### Exercise materials ###
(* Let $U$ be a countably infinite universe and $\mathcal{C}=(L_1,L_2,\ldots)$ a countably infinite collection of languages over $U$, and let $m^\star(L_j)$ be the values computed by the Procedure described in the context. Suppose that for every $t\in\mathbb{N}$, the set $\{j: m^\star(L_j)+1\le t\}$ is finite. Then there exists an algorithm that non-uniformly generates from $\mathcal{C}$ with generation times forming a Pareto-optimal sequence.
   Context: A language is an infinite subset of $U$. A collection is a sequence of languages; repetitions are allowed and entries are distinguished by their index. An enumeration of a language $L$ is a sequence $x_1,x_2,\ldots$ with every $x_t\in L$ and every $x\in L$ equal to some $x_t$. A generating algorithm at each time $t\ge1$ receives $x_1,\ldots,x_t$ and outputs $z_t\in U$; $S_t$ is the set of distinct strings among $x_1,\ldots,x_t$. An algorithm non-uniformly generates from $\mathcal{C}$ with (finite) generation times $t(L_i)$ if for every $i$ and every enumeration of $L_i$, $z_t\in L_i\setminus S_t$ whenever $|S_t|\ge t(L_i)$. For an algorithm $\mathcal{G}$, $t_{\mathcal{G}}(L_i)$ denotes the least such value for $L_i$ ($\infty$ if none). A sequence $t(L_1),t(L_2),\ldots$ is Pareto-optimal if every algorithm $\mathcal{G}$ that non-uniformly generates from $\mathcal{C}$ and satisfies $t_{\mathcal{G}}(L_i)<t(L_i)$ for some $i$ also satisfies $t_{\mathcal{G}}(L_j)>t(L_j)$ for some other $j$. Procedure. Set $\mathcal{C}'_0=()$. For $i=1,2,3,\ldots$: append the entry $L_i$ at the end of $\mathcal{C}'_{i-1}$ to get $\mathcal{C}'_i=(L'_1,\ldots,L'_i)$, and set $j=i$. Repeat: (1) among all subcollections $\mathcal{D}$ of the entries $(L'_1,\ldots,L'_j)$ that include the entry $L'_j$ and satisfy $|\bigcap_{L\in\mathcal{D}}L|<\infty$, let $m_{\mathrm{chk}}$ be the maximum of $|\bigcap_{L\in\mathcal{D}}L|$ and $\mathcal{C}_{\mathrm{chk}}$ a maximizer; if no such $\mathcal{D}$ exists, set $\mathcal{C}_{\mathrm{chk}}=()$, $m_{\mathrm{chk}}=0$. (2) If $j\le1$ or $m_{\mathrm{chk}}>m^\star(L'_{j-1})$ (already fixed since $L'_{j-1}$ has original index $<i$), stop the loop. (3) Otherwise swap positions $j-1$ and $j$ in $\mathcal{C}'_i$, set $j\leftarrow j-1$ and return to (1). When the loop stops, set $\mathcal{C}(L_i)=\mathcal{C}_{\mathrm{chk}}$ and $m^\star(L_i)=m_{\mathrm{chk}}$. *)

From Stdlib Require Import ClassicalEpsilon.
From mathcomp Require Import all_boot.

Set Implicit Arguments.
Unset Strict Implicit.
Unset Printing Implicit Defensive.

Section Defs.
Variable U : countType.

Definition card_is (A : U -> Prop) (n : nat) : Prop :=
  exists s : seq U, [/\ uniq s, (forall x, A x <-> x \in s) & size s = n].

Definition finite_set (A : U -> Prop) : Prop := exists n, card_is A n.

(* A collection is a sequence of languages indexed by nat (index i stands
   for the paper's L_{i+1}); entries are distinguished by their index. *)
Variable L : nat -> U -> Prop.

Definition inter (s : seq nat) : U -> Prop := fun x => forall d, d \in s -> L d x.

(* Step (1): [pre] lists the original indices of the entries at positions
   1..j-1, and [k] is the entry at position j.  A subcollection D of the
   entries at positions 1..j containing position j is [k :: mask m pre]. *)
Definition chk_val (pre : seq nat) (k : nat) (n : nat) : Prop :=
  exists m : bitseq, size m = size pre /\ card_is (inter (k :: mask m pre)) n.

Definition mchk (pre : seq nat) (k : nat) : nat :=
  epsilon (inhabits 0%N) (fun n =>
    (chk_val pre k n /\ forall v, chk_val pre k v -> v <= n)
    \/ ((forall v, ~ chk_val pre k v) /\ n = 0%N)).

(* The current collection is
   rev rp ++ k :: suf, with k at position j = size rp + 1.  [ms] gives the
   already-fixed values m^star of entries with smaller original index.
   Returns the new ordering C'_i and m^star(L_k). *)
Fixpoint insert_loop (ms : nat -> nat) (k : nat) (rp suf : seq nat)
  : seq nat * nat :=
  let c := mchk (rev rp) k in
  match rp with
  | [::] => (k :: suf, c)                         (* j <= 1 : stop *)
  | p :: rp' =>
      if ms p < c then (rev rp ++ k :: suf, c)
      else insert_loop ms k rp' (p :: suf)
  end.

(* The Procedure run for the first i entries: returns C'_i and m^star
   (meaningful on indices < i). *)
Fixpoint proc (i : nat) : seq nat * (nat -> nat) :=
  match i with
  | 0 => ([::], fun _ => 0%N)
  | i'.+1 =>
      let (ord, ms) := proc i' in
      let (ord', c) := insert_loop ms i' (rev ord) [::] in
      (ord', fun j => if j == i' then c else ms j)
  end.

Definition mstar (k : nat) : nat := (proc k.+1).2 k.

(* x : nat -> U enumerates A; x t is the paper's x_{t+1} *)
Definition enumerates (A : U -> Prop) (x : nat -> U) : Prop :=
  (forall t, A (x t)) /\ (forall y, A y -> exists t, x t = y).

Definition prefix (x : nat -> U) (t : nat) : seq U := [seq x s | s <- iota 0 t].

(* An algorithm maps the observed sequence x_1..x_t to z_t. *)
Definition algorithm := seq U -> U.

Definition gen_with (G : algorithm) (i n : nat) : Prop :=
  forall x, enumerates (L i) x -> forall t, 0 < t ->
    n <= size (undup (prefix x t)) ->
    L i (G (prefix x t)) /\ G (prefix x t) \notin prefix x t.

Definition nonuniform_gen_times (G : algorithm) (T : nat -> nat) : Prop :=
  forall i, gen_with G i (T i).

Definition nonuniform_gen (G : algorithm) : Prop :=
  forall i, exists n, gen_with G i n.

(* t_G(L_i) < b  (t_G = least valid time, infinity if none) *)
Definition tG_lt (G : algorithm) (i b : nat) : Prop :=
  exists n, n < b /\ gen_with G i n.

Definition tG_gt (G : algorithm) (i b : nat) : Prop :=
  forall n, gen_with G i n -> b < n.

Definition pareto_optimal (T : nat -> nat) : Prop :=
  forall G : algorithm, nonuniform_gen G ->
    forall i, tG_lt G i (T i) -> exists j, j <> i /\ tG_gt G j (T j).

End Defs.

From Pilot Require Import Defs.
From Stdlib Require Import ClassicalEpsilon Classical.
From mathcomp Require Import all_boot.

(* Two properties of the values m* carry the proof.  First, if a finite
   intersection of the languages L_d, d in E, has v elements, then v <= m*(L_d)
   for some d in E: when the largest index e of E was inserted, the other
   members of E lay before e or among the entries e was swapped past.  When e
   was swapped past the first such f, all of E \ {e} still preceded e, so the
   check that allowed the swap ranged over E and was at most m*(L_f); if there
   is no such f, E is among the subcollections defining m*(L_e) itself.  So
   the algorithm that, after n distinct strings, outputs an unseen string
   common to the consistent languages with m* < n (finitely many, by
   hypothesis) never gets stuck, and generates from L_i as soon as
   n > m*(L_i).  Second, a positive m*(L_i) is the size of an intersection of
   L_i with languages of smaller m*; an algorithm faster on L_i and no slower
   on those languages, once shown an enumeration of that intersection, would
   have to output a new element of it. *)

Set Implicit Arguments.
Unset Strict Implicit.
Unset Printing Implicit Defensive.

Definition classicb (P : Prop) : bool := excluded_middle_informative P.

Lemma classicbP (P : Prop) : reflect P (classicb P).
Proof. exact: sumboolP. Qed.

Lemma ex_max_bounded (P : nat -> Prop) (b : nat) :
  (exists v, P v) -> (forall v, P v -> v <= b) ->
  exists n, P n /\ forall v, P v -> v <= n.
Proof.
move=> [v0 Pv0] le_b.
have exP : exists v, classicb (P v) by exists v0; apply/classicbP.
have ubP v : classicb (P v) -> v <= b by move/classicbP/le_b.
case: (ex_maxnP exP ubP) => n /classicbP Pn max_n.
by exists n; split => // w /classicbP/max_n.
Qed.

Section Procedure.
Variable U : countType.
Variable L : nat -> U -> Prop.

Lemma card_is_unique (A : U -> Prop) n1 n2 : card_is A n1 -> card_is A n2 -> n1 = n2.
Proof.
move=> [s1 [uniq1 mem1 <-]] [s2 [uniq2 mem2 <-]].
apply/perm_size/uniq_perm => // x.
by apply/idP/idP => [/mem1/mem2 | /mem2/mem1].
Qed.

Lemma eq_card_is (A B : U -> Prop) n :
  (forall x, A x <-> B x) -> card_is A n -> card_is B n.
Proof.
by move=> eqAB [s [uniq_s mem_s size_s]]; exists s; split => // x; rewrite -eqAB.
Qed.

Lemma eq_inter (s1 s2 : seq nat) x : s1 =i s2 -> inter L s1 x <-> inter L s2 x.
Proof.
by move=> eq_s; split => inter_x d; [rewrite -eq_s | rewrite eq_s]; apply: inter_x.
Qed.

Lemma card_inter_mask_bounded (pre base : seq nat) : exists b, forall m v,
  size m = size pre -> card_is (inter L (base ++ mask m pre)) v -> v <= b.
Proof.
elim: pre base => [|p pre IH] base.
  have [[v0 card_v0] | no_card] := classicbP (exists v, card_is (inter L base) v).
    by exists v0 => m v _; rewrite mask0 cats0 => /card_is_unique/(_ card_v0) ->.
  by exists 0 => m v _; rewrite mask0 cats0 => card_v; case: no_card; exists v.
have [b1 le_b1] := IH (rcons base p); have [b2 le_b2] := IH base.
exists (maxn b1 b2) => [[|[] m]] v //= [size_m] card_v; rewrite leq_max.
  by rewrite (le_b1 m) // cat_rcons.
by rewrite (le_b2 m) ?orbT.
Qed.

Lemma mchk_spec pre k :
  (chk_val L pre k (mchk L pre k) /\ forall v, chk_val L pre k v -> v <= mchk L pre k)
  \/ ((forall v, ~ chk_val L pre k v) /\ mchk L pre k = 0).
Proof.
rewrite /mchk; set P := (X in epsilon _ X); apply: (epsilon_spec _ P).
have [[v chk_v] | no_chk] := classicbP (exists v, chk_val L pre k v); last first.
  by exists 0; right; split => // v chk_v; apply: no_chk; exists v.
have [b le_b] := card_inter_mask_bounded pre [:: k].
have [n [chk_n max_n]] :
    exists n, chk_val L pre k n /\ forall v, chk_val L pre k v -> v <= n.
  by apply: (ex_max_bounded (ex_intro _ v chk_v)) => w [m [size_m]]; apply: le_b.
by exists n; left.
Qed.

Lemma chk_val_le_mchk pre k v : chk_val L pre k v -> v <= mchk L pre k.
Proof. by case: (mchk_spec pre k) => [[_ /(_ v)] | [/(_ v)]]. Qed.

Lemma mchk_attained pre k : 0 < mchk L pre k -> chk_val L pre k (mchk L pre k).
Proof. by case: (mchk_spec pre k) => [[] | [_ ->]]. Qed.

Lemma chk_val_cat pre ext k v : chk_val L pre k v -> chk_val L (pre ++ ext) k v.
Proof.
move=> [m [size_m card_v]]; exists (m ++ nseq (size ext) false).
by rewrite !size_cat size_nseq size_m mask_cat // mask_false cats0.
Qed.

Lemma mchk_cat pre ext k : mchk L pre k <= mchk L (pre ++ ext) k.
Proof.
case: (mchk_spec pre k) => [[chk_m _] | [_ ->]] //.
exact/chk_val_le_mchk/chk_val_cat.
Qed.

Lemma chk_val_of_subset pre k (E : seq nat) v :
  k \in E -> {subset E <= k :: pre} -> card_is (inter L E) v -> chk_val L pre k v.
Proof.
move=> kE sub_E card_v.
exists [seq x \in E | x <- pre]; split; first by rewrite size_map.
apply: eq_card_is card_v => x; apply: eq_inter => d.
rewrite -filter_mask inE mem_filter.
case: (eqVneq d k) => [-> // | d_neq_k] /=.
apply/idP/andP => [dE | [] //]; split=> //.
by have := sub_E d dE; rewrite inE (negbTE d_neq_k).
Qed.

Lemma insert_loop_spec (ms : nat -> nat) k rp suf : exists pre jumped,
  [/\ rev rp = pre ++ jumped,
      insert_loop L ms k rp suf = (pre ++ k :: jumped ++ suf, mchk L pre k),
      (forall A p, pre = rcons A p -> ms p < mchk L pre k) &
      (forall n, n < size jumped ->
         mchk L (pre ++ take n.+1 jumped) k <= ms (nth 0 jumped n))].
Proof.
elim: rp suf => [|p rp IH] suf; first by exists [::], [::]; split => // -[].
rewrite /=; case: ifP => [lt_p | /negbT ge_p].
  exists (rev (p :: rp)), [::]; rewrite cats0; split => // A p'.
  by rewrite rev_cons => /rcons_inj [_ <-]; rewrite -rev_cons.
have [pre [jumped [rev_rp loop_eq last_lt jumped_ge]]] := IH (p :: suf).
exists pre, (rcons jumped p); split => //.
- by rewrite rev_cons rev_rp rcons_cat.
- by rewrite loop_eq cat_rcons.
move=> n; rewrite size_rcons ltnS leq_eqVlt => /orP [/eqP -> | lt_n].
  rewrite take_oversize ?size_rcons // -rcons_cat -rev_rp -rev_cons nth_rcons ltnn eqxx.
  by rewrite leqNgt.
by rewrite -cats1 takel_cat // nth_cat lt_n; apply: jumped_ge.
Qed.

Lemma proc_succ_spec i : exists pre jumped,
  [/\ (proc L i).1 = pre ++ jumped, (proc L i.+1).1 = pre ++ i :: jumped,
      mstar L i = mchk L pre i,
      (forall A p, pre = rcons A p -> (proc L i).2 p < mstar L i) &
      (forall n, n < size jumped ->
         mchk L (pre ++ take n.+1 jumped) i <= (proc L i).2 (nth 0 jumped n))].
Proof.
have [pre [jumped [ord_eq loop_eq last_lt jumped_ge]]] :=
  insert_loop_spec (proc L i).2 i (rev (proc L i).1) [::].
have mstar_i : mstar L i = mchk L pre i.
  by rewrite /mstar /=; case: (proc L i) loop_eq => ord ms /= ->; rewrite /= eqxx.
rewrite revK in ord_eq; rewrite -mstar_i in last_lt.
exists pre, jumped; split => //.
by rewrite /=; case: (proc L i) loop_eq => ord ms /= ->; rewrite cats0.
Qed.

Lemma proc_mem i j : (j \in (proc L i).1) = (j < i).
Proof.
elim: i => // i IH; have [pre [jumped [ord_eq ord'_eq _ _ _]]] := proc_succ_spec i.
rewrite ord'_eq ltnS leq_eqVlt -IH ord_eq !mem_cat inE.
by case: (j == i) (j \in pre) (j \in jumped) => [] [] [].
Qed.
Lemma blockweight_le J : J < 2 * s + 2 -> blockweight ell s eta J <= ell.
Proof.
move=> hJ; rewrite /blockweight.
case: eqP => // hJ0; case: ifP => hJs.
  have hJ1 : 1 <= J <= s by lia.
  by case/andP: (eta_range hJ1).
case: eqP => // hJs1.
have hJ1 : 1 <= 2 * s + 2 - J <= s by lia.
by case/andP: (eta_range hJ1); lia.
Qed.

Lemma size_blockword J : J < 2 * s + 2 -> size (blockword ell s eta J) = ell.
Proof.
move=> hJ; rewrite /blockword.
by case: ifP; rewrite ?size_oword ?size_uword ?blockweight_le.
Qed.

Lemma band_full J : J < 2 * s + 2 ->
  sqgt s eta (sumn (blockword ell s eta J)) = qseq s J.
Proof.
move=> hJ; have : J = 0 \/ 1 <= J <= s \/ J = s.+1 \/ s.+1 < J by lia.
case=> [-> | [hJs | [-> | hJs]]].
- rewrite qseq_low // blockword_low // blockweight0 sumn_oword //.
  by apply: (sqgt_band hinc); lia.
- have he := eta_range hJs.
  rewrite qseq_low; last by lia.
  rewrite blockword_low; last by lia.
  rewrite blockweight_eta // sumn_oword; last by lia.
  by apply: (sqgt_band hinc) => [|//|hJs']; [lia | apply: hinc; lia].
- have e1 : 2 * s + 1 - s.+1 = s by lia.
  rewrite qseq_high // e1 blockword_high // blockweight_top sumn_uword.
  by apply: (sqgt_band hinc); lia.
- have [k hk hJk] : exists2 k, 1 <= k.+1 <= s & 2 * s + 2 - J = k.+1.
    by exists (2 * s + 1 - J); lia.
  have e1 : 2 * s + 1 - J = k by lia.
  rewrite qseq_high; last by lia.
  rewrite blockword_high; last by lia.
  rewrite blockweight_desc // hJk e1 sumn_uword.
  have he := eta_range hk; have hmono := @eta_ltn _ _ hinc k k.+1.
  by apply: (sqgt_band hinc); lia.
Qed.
###
:: What the task asks ::
Your answer should be every line above that contains the word "paper".

:: Response for this exercise ::
   for the paper's L_{i+1}); entries are distinguished by their index. *)
(* x : nat -> U enumerates A; x t is the paper's x_{t+1} *)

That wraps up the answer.